• Directions for this task:
Find the word "Hcap" in the records and copy every line where it occurs.

*** Supplied material ***

(* Let $M$ be a monoid (associative binary operation $\mu:M\times M\to M$, $\mu(a,b)=a\ast b$, with identity $e$) equipped with a topology. The following are equivalent: (1) $M$ is a pre-$\Delta$-monoid; (2) $\Delta(M)$, with the same operation, is a $\Delta$-monoid; (3) for every $k\geq 2$ the $k$-ary operation $\mu_k:\Delta(M^k)\to M$, $\mu_k(a_1,\dots,a_k)=a_1\ast a_2\ast\cdots\ast a_k$, is continuous; (4) for every $\Delta$-generated space $D$ and all continuous maps $f,g:D\to M$, the pointwise product $f\ast g:D\to M$, $x\mapsto f(x)\ast g(x)$, is continuous.
   Context: $I=[0,1]$. A space $X$ is $\Delta$-generated if $U\subseteq X$ is open iff $\alpha^{-1}(U)$ is open in $I$ for every continuous path $\alpha:I\to X$. For a space $X$, $\Delta(X)$ denotes the same underlying set with the topology consisting of all sets $U$ such that $\alpha^{-1}(U)$ is open in $I$ for every continuous path $\alpha:I\to X$ (this is finer than the original topology and is $\Delta$-generated). A pre-$\Delta$-monoid is a space $M$ with a monoid operation $\ast$ such that for any continuous paths $\alpha,\beta:I\to M$, the pointwise product path $\alpha\ast\beta$, $t\mapsto\alpha(t)\ast\beta(t)$, is continuous. A pre-$\Delta$-monoid whose underlying space is $\Delta$-generated is called a $\Delta$-monoid. $M^k$ carries the product topology. *)

From Stdlib Require Import Reals Lra Lia Arith List.
Open Scope R_scope.

Definition is_topology {X : Type} (O : (X -> Prop) -> Prop) : Prop :=
  O (fun _ => True) /\
  (forall U V, O U -> O V -> O (fun x => U x /\ V x)) /\
  (forall F : (X -> Prop) -> Prop,
      (forall U, F U -> O U) -> O (fun x => exists U, F U /\ U x)).

Definition continuous {X Y : Type} (OX : (X -> Prop) -> Prop)
  (OY : (Y -> Prop) -> Prop) (f : X -> Y) : Prop :=
  forall V, OY V -> OX (fun x => V (f x)).

Definition I : Type := { t : R | 0 <= t <= 1 }.

Definition I_open (U : I -> Prop) : Prop :=
  forall t : I, U t -> exists eps, eps > 0 /\
    forall s : I, Rabs (proj1_sig s - proj1_sig t) < eps -> U s.

Definition DeltaT {X : Type} (O : (X -> Prop) -> Prop) (U : X -> Prop) : Prop :=
  forall alpha : I -> X, continuous I_open O alpha -> I_open (fun t => U (alpha t)).

Definition Delta_generated {X : Type} (O : (X -> Prop) -> Prop) : Prop :=
  forall U, O U <-> DeltaT O U.

Definition is_monoid {M : Type} (op : M -> M -> M) (e : M) : Prop :=
  (forall a b c, op a (op b c) = op (op a b) c) /\
  (forall a, op e a = a) /\ (forall a, op a e = a).

Definition pre_Delta_monoid {M : Type} (O : (M -> Prop) -> Prop) (op : M -> M -> M) : Prop :=
  forall alpha beta : I -> M,
    continuous I_open O alpha -> continuous I_open O beta ->
    continuous I_open O (fun t => op (alpha t) (beta t)).

Definition Delta_monoid {M : Type} (O : (M -> Prop) -> Prop) (op : M -> M -> M) : Prop :=
  Delta_generated O /\ pre_Delta_monoid O op.

Definition fin (k : nat) : Type := { i : nat | (i < k)%nat }.

Definition prod_open {M : Type} (O : (M -> Prop) -> Prop) (k : nat)
  (U : (fin k -> M) -> Prop) : Prop :=
  forall a, U a -> exists V : fin k -> (M -> Prop),
    (forall i, O (V i)) /\ (forall i, V i (a i)) /\
    (forall b, (forall i, V i (b i)) -> U b).

(* mu_k (a_1,...,a_k) = a_1 * a_2 * ... * a_k  (coordinates indexed 0..k-1). *)
Definition coord {M : Type} (e : M) (k : nat) (a : fin k -> M) (i : nat) : M :=
  match lt_dec i k with
  | left h => a (exist _ i h)
  | right _ => e
  end.

Definition mu_k {M : Type} (op : M -> M -> M) (e : M) (k : nat) (a : fin k -> M) : M :=
  fold_right (fun i acc => op (coord e k a i) acc) e (seq 0 k).

(* All four conditions are statements about paths.  A map out of a
   Delta-generated space, and in particular out of Delta(X), is continuous
   exactly when its composites with paths are, and M and Delta(M) have the
   same paths.  A path in M^k is a k-tuple of paths in M, so the k-ary
   product of paths is continuous by iterating the binary one; conversely
   mu_2 (a, b) = a * b thanks to the right unit. *)
From Stdlib Require Import Reals Lra Lia Arith List.
Open Scope R_scope.

Lemma continuous_comp {X Y Z : Type} (OX : (X -> Prop) -> Prop)
  (OY : (Y -> Prop) -> Prop) (OZ : (Z -> Prop) -> Prop) (f : X -> Y) (g : Y -> Z) :
  continuous OX OY f -> continuous OY OZ g -> continuous OX OZ (fun x => g (f x)).
Proof. intros Hf Hg W HW. exact (Hf _ (Hg W HW)). Qed.

Lemma fin_eq (k i : nat) (h : (i < k)%nat) (j : fin k) :
  proj1_sig j = i -> j = exist _ i h.
Proof. destruct j as [j hj]; simpl; intros ->; f_equal; apply le_unique. Qed.

Lemma I_open_ext (U U' : I -> Prop) :
  I_open U -> (forall t, U t <-> U' t) -> I_open U'.
Proof.
  intros HU Heq t Ht. apply Heq in Ht. destruct (HU t Ht) as [eps [He Hs]].
  exists eps; split; [exact He|]. intros s Hs'. apply Heq. now apply Hs.
Qed.

Lemma I_topology : is_topology I_open.
Proof.
  split; [|split].
  - intros t _. exists 1; split; [lra|]; auto.
  - intros U V HU HV t [Ut Vt].
    destruct (HU t Ut) as [e1 [He1 H1]]. destruct (HV t Vt) as [e2 [He2 H2]].
    exists (Rmin e1 e2); split; [now apply Rmin_pos|].
    intros s Hs. split; [apply H1 | apply H2];
      eapply Rlt_le_trans; eauto; [apply Rmin_l | apply Rmin_r].
  - intros F HF t [U [FU Ut]].
    destruct (HF U FU t Ut) as [eps [He H]].
    exists eps; split; [exact He|]. intros s Hs. exists U; split; auto.
Qed.

Lemma I_Delta_generated : Delta_generated I_open.
Proof.
  intros U; split.
  - intros HU alpha Ha. exact (Ha U HU).
  - intros H. apply (H (fun t => t)). intros V HV. exact HV.
Qed.

Lemma I_open_fin_Inter (k : nat) (U : fin k -> I -> Prop) :
  (forall i, I_open (U i)) -> I_open (fun t => forall i, U i t).
Proof.
  intros HU.
  destruct I_topology as [Hfull [Hcap _]].
  assert (Hrow : forall n, I_open (fun t => forall i, proj1_sig i = n -> U i t)).
  { intros n. destruct (lt_dec n k) as [h|h].
    - apply (I_open_ext _ _ (HU (exist _ n h))). intros t; split.
      + intros Ht i Hi. now rewrite (fin_eq k n h i Hi).
      + intros Ht. now apply Ht.
    - apply (I_open_ext _ _ Hfull). intros t; split; [|auto].
      intros _ [i hi] Hi. simpl in Hi. lia. }
  assert (Hbelow : forall n, I_open (fun t => forall i, (proj1_sig i < n)%nat -> U i t)).
  { induction n as [|n IH].
    - apply (I_open_ext _ _ Hfull). intros t; split; [|auto]. intros _ i Hi. lia.
    - apply (I_open_ext _ _ (Hcap _ _ IH (Hrow n))). intros t; split.
      + intros [Hlt Heq] i Hi.
        destruct (Nat.eq_dec (proj1_sig i) n); [now apply Heq | apply Hlt; lia].
      + intros Ht; split; intros i Hi; apply Ht; lia. }
  apply (I_open_ext _ _ (Hbelow k)). intros t; split.
  - intros Ht i. apply Ht, proj2_sig.
  - auto.
Qed.

Lemma const_path_continuous {M : Type} (O : (M -> Prop) -> Prop) (c : M) :
  continuous I_open O (fun _ => c).
Proof. intros V _ t Ht. exists 1; split; [lra|]. intros; exact Ht. Qed.

Lemma path_continuous_ext {M : Type} (O : (M -> Prop) -> Prop) (alpha beta : I -> M) :
  (forall t, alpha t = beta t) ->
  continuous I_open O alpha -> continuous I_open O beta.
Proof.
  intros Heq Ha V HV. apply (I_open_ext _ _ (Ha V HV)). intros t. now rewrite Heq.
Qed.

Lemma continuous_DeltaT_iff {X Y : Type} (OX : (X -> Prop) -> Prop)
  (OY : (Y -> Prop) -> Prop) (f : X -> Y) :
  continuous (DeltaT OX) OY f <->
  forall alpha, continuous I_open OX alpha -> continuous I_open OY (fun t => f (alpha t)).
Proof.
  split.
  - intros Hf alpha Ha V HV. exact (Hf V HV alpha Ha).
  - intros Hf V HV alpha Ha. exact (Hf alpha Ha V HV).
Qed.

Lemma Delta_generated_continuous {X Y : Type} (OX : (X -> Prop) -> Prop)
  (OY : (Y -> Prop) -> Prop) (f : X -> Y) :
  Delta_generated OX ->
  (forall alpha, continuous I_open OX alpha -> continuous I_open OY (fun t => f (alpha t))) ->
  continuous OX OY f.
Proof.
  intros HX Hf V HV. apply (proj2 (HX _)). exact (proj2 (continuous_DeltaT_iff _ _ f) Hf V HV).
Qed.

Lemma path_continuous_DeltaT {M : Type} (O : (M -> Prop) -> Prop) (alpha : I -> M) :
  continuous I_open (DeltaT O) alpha <-> continuous I_open O alpha.
Proof.
  split.
  - intros H V HV. apply H. intros beta Hb. exact (Hb V HV).
  - intros H V HV. exact (HV alpha H).
Qed.

Lemma DeltaT_Delta_generated {M : Type} (O : (M -> Prop) -> Prop) :
  Delta_generated (DeltaT O).
Proof.
  intros U; split; intros H alpha Ha; apply H; now apply path_continuous_DeltaT.
Qed.

Lemma pre_Delta_monoid_DeltaT {M : Type} (O : (M -> Prop) -> Prop) (op : M -> M -> M) :
  pre_Delta_monoid (DeltaT O) op <-> pre_Delta_monoid O op.
Proof.
  split; intros H alpha beta Ha Hb; apply path_continuous_DeltaT;
    apply H; now apply path_continuous_DeltaT.
Qed.

Lemma proj_continuous {M : Type} (O : (M -> Prop) -> Prop) (k : nat) (i : fin k) :
  O (fun _ => True) -> continuous (prod_open O k) O (fun a => a i).
Proof.
  intros Hfull W HW a Wa.
  exists (fun j => if Nat.eq_dec (proj1_sig j) (proj1_sig i) then W else fun _ => True).
  split; [|split].
  - intros j; destruct (Nat.eq_dec (proj1_sig j) (proj1_sig i)); auto.
  - intros j; destruct (Nat.eq_dec (proj1_sig j) (proj1_sig i)) as [E|]; auto.
    destruct i as [i hi]. now rewrite (fin_eq k i hi j E).
  - intros b Hb. specialize (Hb i).
    destruct (Nat.eq_dec (proj1_sig i) (proj1_sig i)); [exact Hb | congruence].
Qed.

Lemma prod_path_continuous {M : Type} (O : (M -> Prop) -> Prop) (k : nat)
  (gamma : I -> fin k -> M) :
  (forall i, continuous I_open O (fun t => gamma t i)) ->
  continuous I_open (prod_open O k) gamma.
Proof.
  intros Hg U HU t Ht. destruct (HU (gamma t) Ht) as [W [HWo [HWin HWsub]]].
  assert (Hbox : I_open (fun s => forall i, W i (gamma s i))).
  { apply I_open_fin_Inter. intros i. exact (Hg i _ (HWo i)). }
  destruct (Hbox t HWin) as [eps [He Hs]].
  exists eps; split; [exact He|]. intros s Hst. apply HWsub, Hs, Hst.
Qed.

Lemma coord_path_continuous {M : Type} (O : (M -> Prop) -> Prop) (e : M) (k : nat)
  (alpha : I -> fin k -> M) (i : nat) :
  O (fun _ => True) -> continuous I_open (prod_open O k) alpha ->
  continuous I_open O (fun t => coord e k (alpha t) i).
Proof.
  intros Hfull Ha. unfold coord. destruct (lt_dec i k) as [h|h].
  - exact (continuous_comp _ _ _ _ _ Ha (proj_continuous O k _ Hfull)).
  - apply const_path_continuous.
Qed.

Lemma fold_right_op_path_continuous {M : Type} (O : (M -> Prop) -> Prop)
  (op : M -> M -> M) (e : M) (p : nat -> I -> M) (l : list nat) :
  pre_Delta_monoid O op -> (forall i, continuous I_open O (p i)) ->
  continuous I_open O (fun t => fold_right (fun i acc => op (p i t) acc) e l).
Proof.
  intros Hop Hp. induction l as [|i l IH]; simpl.
  - apply const_path_continuous.
  - exact (Hop _ _ (Hp i) IH).
Qed.

Definition fin2_pair {M : Type} (a b : M) (i : fin 2) : M :=
  if Nat.eq_dec (proj1_sig i) 0 then a else b.

Lemma mu_2_pair {M : Type} (op : M -> M -> M) (e : M) (a b : M) :
  (forall x, op x e = x) -> mu_k op e 2 (fin2_pair a b) = op a b.
Proof.
  intros Hre. unfold mu_k. cbn [seq fold_right]. unfold coord.
  destruct (lt_dec 0 2); [|lia]. destruct (lt_dec 1 2); [|lia].
  simpl. now rewrite Hre.
Qed.

Lemma pair_path_continuous {M : Type} (O : (M -> Prop) -> Prop) (alpha beta : I -> M) :
  continuous I_open O alpha -> continuous I_open O beta ->
  continuous I_open (prod_open O 2) (fun t => fin2_pair (alpha t) (beta t)).
Proof.
  intros Ha Hb. apply prod_path_continuous. intros i. unfold fin2_pair.
  destruct (Nat.eq_dec (proj1_sig i) 0); assumption.
Qed.

Lemma pre_Delta_monoid_mu_k_continuous {M : Type} (O : (M -> Prop) -> Prop)
  (op : M -> M -> M) (e : M) (k : nat) :
  O (fun _ => True) -> pre_Delta_monoid O op ->
  continuous (DeltaT (prod_open O k)) O (mu_k op e k).
Proof.
  intros Hfull Hop. apply continuous_DeltaT_iff. intros alpha Ha.
  apply fold_right_op_path_continuous; [exact Hop|].
  intros i. exact (coord_path_continuous O e k alpha i Hfull Ha).
Qed.

Lemma mu_2_continuous_pre_Delta_monoid {M : Type} (O : (M -> Prop) -> Prop)
  (op : M -> M -> M) (e : M) :
  (forall x, op x e = x) ->
  continuous (DeltaT (prod_open O 2)) O (mu_k op e 2) -> pre_Delta_monoid O op.
Proof.
  intros Hre Hmu alpha beta Ha Hb.
  apply (path_continuous_ext _ (fun t => mu_k op e 2 (fin2_pair (alpha t) (beta t)))).
  { intros t. now apply mu_2_pair. }
  exact (proj1 (continuous_DeltaT_iff _ _ _) Hmu _ (pair_path_continuous O _ _ Ha Hb)).
Qed.

Lemma pre_Delta_monoid_pointwise_continuous {M D : Type} (O : (M -> Prop) -> Prop)
  (op : M -> M -> M) (TD : (D -> Prop) -> Prop) (f g : D -> M) :
  pre_Delta_monoid O op -> Delta_generated TD ->
  continuous TD O f -> continuous TD O g ->
  continuous TD O (fun x => op (f x) (g x)).
Proof.
  intros Hop HD Hf Hg. apply Delta_generated_continuous; [exact HD|].
  intros gamma Hgam.
  exact (Hop _ _ (continuous_comp _ _ _ _ _ Hgam Hf) (continuous_comp _ _ _ _ _ Hgam Hg)).
Qed.

Theorem mainTheorem1 (M : Type) (op : M -> M -> M) (e : M) (T : (M -> Prop) -> Prop)
  (HT : is_topology T) (Hmon : is_monoid op e) :
  let P1 := pre_Delta_monoid T op in
  let P2 := Delta_monoid (DeltaT T) op in
  let P3 := forall k : nat, (2 <= k)%nat ->
              continuous (DeltaT (prod_open T k)) T (mu_k op e k) in
  let P4 := forall (D : Type) (TD : (D -> Prop) -> Prop),
              is_topology TD -> Delta_generated TD ->
              forall f g : D -> M, continuous TD T f -> continuous TD T g ->
              continuous TD T (fun x => op (f x) (g x)) in
  (P1 <-> P2) /\ (P1 <-> P3) /\ (P1 <-> P4).
Proof.
  intros P1 P2 P3 P4; subst P1 P2 P3 P4.
  destruct HT as [Hfull _]. destruct Hmon as [_ [_ Hre]].
  split; [|split]; split.
  - intros H1. split; [apply DeltaT_Delta_generated | now apply pre_Delta_monoid_DeltaT].
  - intros [_ H2]. now apply pre_Delta_monoid_DeltaT.
  - intros H1 k _. now apply pre_Delta_monoid_mu_k_continuous.
  - intros H3. apply (mu_2_continuous_pre_Delta_monoid T op e Hre), H3; lia.
  - intros H1 D TD _ HD f g. now apply pre_Delta_monoid_pointwise_continuous.
  - intros H4 alpha beta. exact (H4 I I_open I_topology I_Delta_generated alpha beta).
Qed.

***

• Solution:
  destruct I_topology as [Hfull [Hcap _]].
    - apply (I_open_ext _ _ (Hcap _ _ IH (Hrow n))). intros t; split.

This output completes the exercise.